The foregoing embodiments and advantages are merely exemplary and are not to be construed as limiting the present invention. The present teaching can be readily applied to other types of methods and apparatuses. The description of the present invention is intended to be illustrative, and not to limit the scope of the claims. Many alternatives, modifications, and variations will be apparent to those skilled in the art. It is to be understood that the foregoing descriptions and specific embodiments shown herein are merely illustrative of the best mode of the invention and the principles thereof, which is therefore understood to be limited only by the scope of the appended claims.

Claims

1. A semiconductor device that comprises:

a substrate;

an oxide layer over the substrate; and

a silicon layer over the oxide layer, the silicon layer forming a notch-free gate structure;

wherein the gate structure has been formed using a hard mask comprising an antireflective layer over a silicon oxide layer, the mask having been subsequently removed.

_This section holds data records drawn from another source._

Theorem proposition3p1 (k : fieldType) (B : algType k) (gT : finGroupType)
  (S : {group gT}) (act : gT -> B -> B) :
  S_Galois S act -> simple_algebra B ->
  exact_left S act /\
  ((exact_left S act /\ pi_surjective S act) <->
   (forall g, g \in 'N(S) -> S_alg_iso S act (twist act g))).
Proof.
case=> _ SA _ _ _ _; have left_exact := exact_left_S_algebra SA.
split=> //; split=> [[_ /(pi_surjective_twist_iso SA)] // | twist_iso].
by split=> //; exact: twist_iso_pi_surjective.
Qed.
Definition S_w_finite (S : D -> Prop) (M N : V -> Prop) : Prop :=
  exists s, S s /\ exists g : seq V, (forall v, v \in g -> M v) /\
    (forall x, N x -> wcl (span_fg g) (inK s *: x)) /\
    (forall x, wcl (span_fg g) x -> wcl N x).

Definition is_S_SM (S : D -> Prop) (M : V -> Prop) : Prop :=
  is_wmod M /\ forall L, is_wsubmod M L -> S_w_finite S M L.

Definition is_P_SM (P : D -> Prop) (M : V -> Prop) : Prop :=
  is_S_SM (fun d => ~ P d) M.

End WTheory.

(* A w-submodule N of an SM-module is w-finite, N = F_w with F finitely
   generated, so it is S-w-finite with s = 1 for every S.  Conversely, let N be
   the union of an ascending chain of w-submodules.  The s in D such that
   sN is contained in F_w for some finitely generated F inside N form an ideal,
   and local finiteness at a maximal w-ideal m yields such an s outside m.
   By Zorn's lemma an ideal containing no member of GV(D) lies in a maximal
   such ideal, and that ideal is a prime maximal w-ideal.  Hence our ideal
   contains some J in GV(D); then JN lies in F_w, so N = F_w and the chain
   stabilises once it contains the generators of F. *)

From mathcomp Require Import all_boot all_order all_algebra fraction.
From mathcomp Require Import boolp classical_sets.
Set Implicit Arguments. Unset Strict Implicit. Unset Printing Implicit Defensive.
Import GRing.Theory.
Local Open Scope ring_scope.

Definition is_chain (I T : Type) (A : I -> Prop) (X : I -> T -> Prop) : Prop :=
  forall i j, A i -> A j -> (forall x, X i x -> X j x) \/ (forall x, X j x -> X i x).

Section Chains.
Variables (T : eqType) (I : Type) (A : I -> Prop) (X : I -> T -> Prop).
Hypothesis chainX : is_chain A X.

Lemma chain_seq_bound i0 (s : seq T) : A i0 ->
  (forall y, y \in s -> exists2 i, A i & X i y) ->
  exists2 i, A i & forall y, y \in s -> X i y.
Proof.
move=> Ai0; elim: s => [|y s IHs] ys; first by exists i0.
have [i Ai Xiy] := ys y (mem_head y s).
have [j Aj Xjs] := IHs (fun z zs => ys z (predU1r _ _ zs)).
have [Xij | Xji] := chainX Ai Aj.
- by exists j => // z; rewrite inE => /predU1P [-> | /Xjs]; [exact: Xij|].
- by exists i => // z; rewrite inE => /predU1P [-> | /Xjs /Xji].
Qed.

End Chains.

Section IncreasingSequences.
Variables (T : Type) (L : nat -> T -> Prop).
Hypothesis L_succ : forall n x, L n x -> L n.+1 x.

Lemma increasing_le m n : (m <= n)%N -> forall x, L m x -> L n x.
Proof.
apply: (@homo_leq _ L (fun A B => forall x, A x -> B x) _ _ L_succ) => [A x //|B A C AB BC x].
by move/AB/BC.
Qed.

Lemma increasing_chain : is_chain (fun _ => True) L.
Proof. by move=> m n _ _; case/orP: (leq_total m n) => /increasing_le; [left | right]. Qed.

End IncreasingSequences.

Section Ideals.
Variable D : idomainType.
Local Notation K := {fraction D}.
Local Notation inK := (@FracField.tofrac D).

Lemma tofrac_inj : injective inK.
Proof. by move=> a b /eqP; rewrite tofrac_eq => /eqP. Qed.

Lemma gen_ideal_ind (P : D -> Prop) (s : seq D) :
  P 0 -> (forall a b, P a -> P b -> P (a + b)) ->
  (forall d y, y \in s -> P (d * y)) -> forall x, gen_ideal s x -> P x.
Proof.
move=> P0 PD PM x [c ->]; elim/big_ind: _ => // i _.
by apply: PM; apply: mem_nth.
Qed.

Lemma gen_ideal_mem (s : seq D) y : y \in s -> gen_ideal s y.
Proof.
move=> ys; have ys_lt : (index y s < size s)%N by rewrite index_mem.
exists (fun i => ((i : nat) == index y s)%:R).
rewrite (bigD1 (Ordinal ys_lt)) //= eqxx mul1r nth_index // big1 ?addr0 //.
by move=> i; rewrite -val_eqE /= => /negbTE ->; rewrite mul0r.
Qed.

Lemma gen_ideal_min (J : D -> Prop) (s : seq D) : is_ideal J ->
  (forall y, y \in s -> J y) -> forall x, gen_ideal s x -> J x.
Proof. by move=> [J0 JD JM] sJ; apply: gen_ideal_ind => // d y /sJ /JM. Qed.
(* One term of the first-generation decomposition: v has k children and the
   child v i descends; the three events N(v) = k, D(v i) = 1 and the descent
   from v i are independent of each other and of the cylinder. *)
Lemma child_term_bound m v J B k i : first_moment_bound m ->
  uniq J -> (forall l, l \in J -> ~~ below v l) ->
  (P (cylinder J B `&` X (Off v) @^-1` [set k] `&` child_descent v m i)
   <= (p * (pk k * fine (P (cylinder J B))) * (mu * p) ^+ m)%:E)%E.
Proof.
move=> IH uJ JnotB; set w := rcons v i.
have dn_notin : Dn w \notin J.
  by apply/negP => /JnotB; rewrite /below /= prefix_rcons /= size_rcons ltnSn.
have off_notin : Off v \notin J by apply/negP => /JnotB; rewrite /below /= prefix_refl.
pose B' l := if l == Dn w then [set 1%N] else if l == Off v then [set k] else B l.
have BB' : {in J, B' =1 B}.
  move=> l lJ; rewrite /B'; case: eqP => [El|_]; first by move: dn_notin; rewrite -El lJ.
  by case: eqP => [El|//]; move: off_notin; rewrite -El lJ.
have uJ' : uniq [:: Dn w, Off v & J] by rewrite /= in_cons negb_or dn_notin off_notin uJ.
have -> : cylinder J B `&` X (Off v) @^-1` [set k] `&` child_descent v m i =
    cylinder [:: Dn w, Off v & J] B' `&` descent_event w m.
  rewrite /child_descent !cylinder_cons (cylinder_ext BB') /B' /= !eqxx.
  by apply/seteqP; split=> t /=; tauto.
apply: (le_trans (IH w _ B' uJ' (below_child JnotB))).
rewrite P_cylinder // !big_cons /B' /= !eqxx P_dn P_off.
rewrite (eq_big_seq (fun l => P (X l @^-1` B l))); last by move=> l /BB'; rewrite /B' => ->.
have PC := probability_fine (measurable_cylinder J B).
rewrite -P_cylinder //; set c := fine _ in PC *.
by rewrite PC -!EFinM lee_fin le_eqVlt; apply/orP; left; apply/eqP; ring.
Qed.

Lemma offspring_term_bound m v J B k : first_moment_bound m ->
  uniq J -> (forall l, l \in J -> ~~ below v l) ->
  (P (cylinder J B `&` (X (Off v) @^-1` [set k] `&`
        \big[setU/set0]_(i < k) child_descent v m i))
   <= ((k%:R * pk k) * (p * fine (P (cylinder J B)) * (mu * p) ^+ m))%:E)%E.
Proof.
move=> IH uJ JnotB; set C := cylinder J B.
pose H i := C `&` X (Off v) @^-1` [set k] `&` child_descent v m i.
apply: (le_trans (@content_subadditive _ _ _ P _ H k _ _ _)).
- move=> i _; apply: measurableI; last exact: measurable_child_descent.
  by apply: measurableI => //; exact: measurable_cylinder.
- apply: measurableI; first exact: measurable_cylinder.
  by apply: measurableI => //; apply: bigsetU_measurable => i _; exact: measurable_child_descent.
- move=> t [Ct [Ok]]; rewrite -bigcup_mkord => -[i ik Si].
  exact: (bigsetU_sup (F := H) ik).
apply: le_trans; first by apply: lee_sum => i _; exact: child_term_bound.
rewrite sumEFin sumr_const card_ord lee_fin le_eqVlt; apply/orP; left; apply/eqP.
by ring.
Qed.

Lemma first_moment_step m : first_moment_bound m -> first_moment_bound m.+1.
Proof.
move=> IH v J B uJ JnotB.
set C := cylinder J B; have mC : measurable C := measurable_cylinder J B.
have PC := probability_fine mC; set c := fine (P C) in PC.
set cm := p * c * (mu * p) ^+ m.
pose F k := C `&` (X (Off v) @^-1` [set k] `&` \big[setU/set0]_(i < k) child_descent v m i).
have mF k : measurable (F k).
  apply: measurableI => //; apply: measurableI => //.
  by apply: bigsetU_measurable => i _; exact: measurable_child_descent.
apply: (le_trans (measure_sigma_subadditive (F := F) _ mF _ _)).
- by apply: measurableI => //; exact: measurable_descent_event.
- by move=> t [Ct [k _ Hk]]; exists k.
apply: le_trans.
  apply: lee_nneseries => [k _ _|k _]; first exact: measure_ge0.
  exact: offspring_term_bound.
rewrite (@eseries_EFin _ _ (mu * cm)).
  rewrite PC -EFinM lee_fin le_eqVlt; apply/orP; left; apply/eqP.
  by rewrite /cm exprS; ring.
have -> : series (fun k => k%:R * pk k * cm) =
    (fun n => series (fun k => k%:R * pk k) n * cm).
  by apply/funext => n; rewrite /series /= big_distrl.
exact: cvgM mean_mu (cvg_cst _).
Qed.

Lemma first_moment m : first_moment_bound m.
Proof.
elim: m => [|m /first_moment_step //] v J B _ _.
by rewrite /= setIT expr0 mule1.
Qed.

End FirstMoment.

(* The bound of the theorem is the geometric sum over the climb length k. *)
Lemma geometric_sum_ratio (R : fieldType) (q x : R) (r n : nat) :
  q != x -> (r < n)%N ->
  \sum_(k < r.+1) q ^+ k * x ^+ (n - k) = (1 - (q / x) ^+ r.+1) / (1 - q / x) * x ^+ n.
Proof.
move=> qx rn; have [->|x0] := eqVneq x 0.
  rewrite expr0n eqn0Ngt (leq_ltn_trans (leq0n r) rn) mulr0.
  by rewrite big1 // => k _; rewrite expr0n subn_eq0 leqNgt (leq_trans (ltn_ord k) rn) mulr0.
set t := q / x.
have t1 : 1 - t != 0.
  rewrite subr_eq0 eq_sym; apply: contra qx => /eqP t_eq1.
  by rewrite -(divfK x0 q) -/t t_eq1 mul1r.
have -> : \sum_(k < r.+1) q ^+ k * x ^+ (n - k) = (\sum_(k < r.+1) t ^+ k) * x ^+ n.
  rewrite big_distrl; apply: eq_bigr => k _ /=.
  have kn : (k <= n)%N by have := ltn_ord k; lia.
  have xk : x ^+ k != 0 by apply: expf_neq0.
  by rewrite /t exprMn exprVn -{2}(subnK kn) exprD; field.
have -> : 1 - t ^+ r.+1 = (1 - t) * \sum_(k < r.+1) t ^+ k.
  by rewrite -opprB subrX1 -mulNr opprB.
by rewrite [(1 - t) * _]mulrC mulfK.
Qed.

Section UnionBound.
Context {R : realType} {d : measure_display} {T : measurableType d}.
Variables (P : probability T R) (X : gw_label -> T -> nat) (q : R) (r n : nat).
Hypothesis mX : forall l (A : set nat), measurable (X l @^-1` A).
Hypothesis indepX : mutually_independent P X.
Hypothesis P_up : forall w, P (X (Up w) @^-1` [set 1%N]) = q%:E.

Definition climb_labels (k : nat) : seq gw_label :=
  [seq Up (nseq (r - i) 0%N) | i <- iota 0 k].

Lemma climb_labels_uniq k : (k <= r)%N -> uniq (climb_labels k).
Proof.
move=> kr; rewrite map_inj_in_uniq ?iota_uniq // => i j.
rewrite !mem_iota !add0n => /andP[_ ik] /andP[_ jk] [] /(congr1 size).
by rewrite !size_nseq; lia.
Qed.

Lemma climb_labels_not_below k v l : l \in climb_labels k -> ~~ below v l.
Proof. by case/mapP=> i _ ->; rewrite /below /= andbF. Qed.

Lemma P_climb k : (k <= r)%N ->
  P (cylinder X (climb_labels k) (fun=> [set 1%N])) = (q ^+ k)%:E.
Proof.
move=> kr; rewrite P_cylinder ?climb_labels_uniq // big_map.
rewrite (eq_bigr (fun _ => q%:E)) => [|i _]; last exact: P_up.
by rewrite prodEFin -[in iota 0 k](subn0 k) prodr_const_nat subn0.
Qed.

Definition climb_descent_event (k : nat) : set T :=
  cylinder X (climb_labels k) (fun=> [set 1%N]) `&`
  descent_event X (nseq (r - k) 0%N) (n - k).

Lemma measurable_climb_descent_event k : measurable (climb_descent_event k).
Proof.
by apply: measurableI; [exact: measurable_cylinder | exact: measurable_descent_event].
Qed.

Lemma diam_event_sub : (r < n)%N ->
  [set t | diam_ge (gw_cluster (nchildren X t) (down_open X t) (up_open X t) (gw_source r))
                   (2 * n)%N] `<=` \big[setU/set0]_(k < r.+1) climb_descent_event k.
Proof.
move=> rn t /(diam_long_descent rn) [k [kr climb [s size_s desc]]].
apply: (bigsetU_sup (F := climb_descent_event) (_ : (k < r.+1)%N)) => //.
split; last by rewrite -size_s; exact: open_descent_event.
move=> l /= /mapP [i]; rewrite mem_iota add0n => /andP[_ ik] ->.
exact/eqP/climb.
Qed.

Lemma diam_bound (pk : nat -> R) (mu p : R) :
  (forall w k, P (X (Off w) @^-1` [set k]) = (pk k)%:E) ->
  (forall w, P (X (Dn w) @^-1` [set 1%N]) = p%:E) ->
  [series k%:R * pk k]_k @ \oo --> mu -> (r < n)%N ->
  (P [set t | diam_ge (gw_cluster (nchildren X t) (down_open X t) (up_open X t) (gw_source r))
                   (2 * n)%N]
   <= (\sum_(k < r.+1) q ^+ k * (mu * p) ^+ (n - k))%:E)%E.
Proof.
move=> P_off P_dn mean_mu rn.
apply: (le_trans (content_subadditive P (fun k _ => measurable_climb_descent_event k)
  (measurable_diam mX _ _) (diam_event_sub rn))).
rewrite -sumEFin; apply: lee_sum => k _.
have kr : (k <= r)%N by have := ltn_ord k; lia.
apply: (le_trans (first_moment mX indepX P_off P_dn mean_mu (n - k) (fun=> [set 1%N])
  (climb_labels_uniq kr) (@climb_labels_not_below k _))).
by rewrite P_climb // -EFinM.
Qed.

End UnionBound.

Theorem theorem3 (R : realType) (d : measure_display) (T : measurableType d)
  (P : probability T R) (X : gw_label -> T -> nat)
  (pk : nat -> R) (mu p q : R) (r n : nat) :
  (* offspring distribution: p_0 = 0, finite mean mu *)
  (forall k, 0 <= pk k) ->
  pk 0%N = 0 ->
  series pk @ \oo --> (1 : R) ->
  [series k%:R * pk k]_k @ \oo --> mu ->
  0 < p < 1 -> 0 < q < 1 ->
  (* the basic random variables *)
  (forall l (A : set nat), measurable (X l @^-1` A)) ->
  mutually_independent P X ->
  (forall w k, P (X (Off w) @^-1` [set k]) = (pk k)%:E) ->
  (forall w, P (X (Dn w) @^-1` [set 1%N]) = p%:E) ->
  (forall w, P (X (Dn w) @^-1` [set 0%N]) = (1 - p)%:E) ->
  (forall w, P (X (Up w) @^-1` [set 1%N]) = q%:E) ->
  (forall w, P (X (Up w) @^-1` [set 0%N]) = (1 - q)%:E) ->
  (* hypotheses of the theorem *)
  mu * p < 1 -> q != mu * p -> (r < n)%N ->
  (P [set t | diam_ge
        (gw_cluster (fun w : seq nat => X (Off w) t) (fun w : seq nat => X (Dn w) t == 1%N)
                 (fun w : seq nat => X (Up w) t == 1%N) (gw_source r))
        (2 * n)%N]
  <= ((1 - (q / (mu * p)) ^+ r.+1) / (1 - q / (mu * p)) * (mu * p) ^+ n)%:E)%E.
Proof.
move=> _ _ _ mean_mu _ _ mX indepX P_off P_dn _ P_up _ _ q_neq rn.
rewrite -geometric_sum_ratio //.
exact: (diam_bound mX indepX P_up P_off P_dn mean_mu rn).
Qed.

2. The semiconductor device of claim 1, wherein the antireflective layer comprises silicon oxynitride.

3. The semiconductor device of claim 1, wherein the silicon oxide layer has a thickness of about 300-700 Å.

4. The semiconductor device of claim 1, wherein the antireflective coating has a thickness of about 300-700 Å.

5. The semiconductor device of claim 1, wherein the silicon layer comprises non-doped or n-doped poly-Si.

6. The semiconductor device of claim 1, wherein the silicon layer has a thickness of about 2000 Å.